Top of Excerpted data

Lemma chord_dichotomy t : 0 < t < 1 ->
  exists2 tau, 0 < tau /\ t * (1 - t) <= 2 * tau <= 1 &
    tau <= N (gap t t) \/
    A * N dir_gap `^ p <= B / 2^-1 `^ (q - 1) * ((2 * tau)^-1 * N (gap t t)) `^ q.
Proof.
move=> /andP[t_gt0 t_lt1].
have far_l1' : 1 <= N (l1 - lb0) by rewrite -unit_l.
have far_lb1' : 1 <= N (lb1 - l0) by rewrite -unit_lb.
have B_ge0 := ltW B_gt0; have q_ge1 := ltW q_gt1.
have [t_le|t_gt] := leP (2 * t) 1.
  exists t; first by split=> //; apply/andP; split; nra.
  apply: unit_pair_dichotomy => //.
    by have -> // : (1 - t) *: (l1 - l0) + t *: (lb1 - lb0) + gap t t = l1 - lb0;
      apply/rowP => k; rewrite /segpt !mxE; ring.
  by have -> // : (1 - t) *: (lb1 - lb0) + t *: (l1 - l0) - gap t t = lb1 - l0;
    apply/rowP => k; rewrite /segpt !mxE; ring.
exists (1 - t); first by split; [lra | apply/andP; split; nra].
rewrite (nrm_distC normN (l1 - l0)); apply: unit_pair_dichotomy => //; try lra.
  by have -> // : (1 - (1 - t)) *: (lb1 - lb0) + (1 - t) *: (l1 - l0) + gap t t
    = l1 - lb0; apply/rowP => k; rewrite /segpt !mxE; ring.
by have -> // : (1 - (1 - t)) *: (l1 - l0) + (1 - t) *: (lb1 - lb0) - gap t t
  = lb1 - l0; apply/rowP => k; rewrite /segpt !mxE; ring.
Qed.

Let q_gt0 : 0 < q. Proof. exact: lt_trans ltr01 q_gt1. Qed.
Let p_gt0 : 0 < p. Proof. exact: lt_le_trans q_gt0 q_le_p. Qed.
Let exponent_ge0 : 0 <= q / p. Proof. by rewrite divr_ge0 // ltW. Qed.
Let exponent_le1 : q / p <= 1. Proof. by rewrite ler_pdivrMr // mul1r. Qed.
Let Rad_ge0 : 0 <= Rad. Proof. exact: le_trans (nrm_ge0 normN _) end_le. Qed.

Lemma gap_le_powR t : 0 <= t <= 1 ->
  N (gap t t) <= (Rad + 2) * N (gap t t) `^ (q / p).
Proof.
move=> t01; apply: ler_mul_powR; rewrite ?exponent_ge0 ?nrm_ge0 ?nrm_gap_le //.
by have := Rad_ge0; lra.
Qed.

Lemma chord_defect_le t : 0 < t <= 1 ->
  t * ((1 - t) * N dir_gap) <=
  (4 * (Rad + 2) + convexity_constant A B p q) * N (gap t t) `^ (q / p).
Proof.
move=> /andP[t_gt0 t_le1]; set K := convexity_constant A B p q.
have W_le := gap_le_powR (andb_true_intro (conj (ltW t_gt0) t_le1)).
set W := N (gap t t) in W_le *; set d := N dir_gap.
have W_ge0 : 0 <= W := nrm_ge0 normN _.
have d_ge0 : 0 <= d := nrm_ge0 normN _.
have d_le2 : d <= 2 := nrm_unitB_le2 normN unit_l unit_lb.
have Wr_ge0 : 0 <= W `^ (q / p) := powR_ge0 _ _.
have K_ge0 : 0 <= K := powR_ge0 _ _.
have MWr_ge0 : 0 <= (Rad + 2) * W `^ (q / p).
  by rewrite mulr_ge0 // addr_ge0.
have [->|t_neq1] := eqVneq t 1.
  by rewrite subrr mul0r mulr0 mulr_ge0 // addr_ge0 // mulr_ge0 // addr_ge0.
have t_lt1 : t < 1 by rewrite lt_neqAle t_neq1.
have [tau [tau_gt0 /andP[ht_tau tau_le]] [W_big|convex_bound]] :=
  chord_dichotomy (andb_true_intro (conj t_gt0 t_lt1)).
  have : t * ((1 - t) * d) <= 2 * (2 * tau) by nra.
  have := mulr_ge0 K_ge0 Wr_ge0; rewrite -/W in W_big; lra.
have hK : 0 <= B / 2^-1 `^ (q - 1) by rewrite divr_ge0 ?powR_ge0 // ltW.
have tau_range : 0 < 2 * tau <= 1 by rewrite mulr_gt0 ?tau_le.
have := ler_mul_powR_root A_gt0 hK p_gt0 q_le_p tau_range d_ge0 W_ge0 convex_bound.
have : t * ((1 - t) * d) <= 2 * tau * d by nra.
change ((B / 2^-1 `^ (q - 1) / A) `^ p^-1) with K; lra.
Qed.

Bottom of Excerpted data

__Assignment__
A word-for-word copy of the lines above from the one with "A * N dir_gap" through the one with "by have -> // : (1 - t) *: (lb1", inclusive, is the only output wanted.

__Output for this task__
    A * N dir_gap `^ p <= B / 2^-1 `^ (q - 1) * ((2 * tau)^-1 * N (gap t t)) `^ q.
Proof.
move=> /andP[t_gt0 t_lt1].
have far_l1' : 1 <= N (l1 - lb0) by rewrite -unit_l.
have far_lb1' : 1 <= N (lb1 - l0) by rewrite -unit_lb.
have B_ge0 := ltW B_gt0; have q_ge1 := ltW q_gt1.
have [t_le|t_gt] := leP (2 * t) 1.
  exists t; first by split=> //; apply/andP; split; nra.
  apply: unit_pair_dichotomy => //.
    by have -> // : (1 - t) *: (l1 - l0) + t *: (lb1 - lb0) + gap t t = l1 - lb0;
      apply/rowP => k; rewrite /segpt !mxE; ring.
  by have -> // : (1 - t) *: (lb1 - lb0) + t *: (l1 - l0) - gap t t = lb1 - l0;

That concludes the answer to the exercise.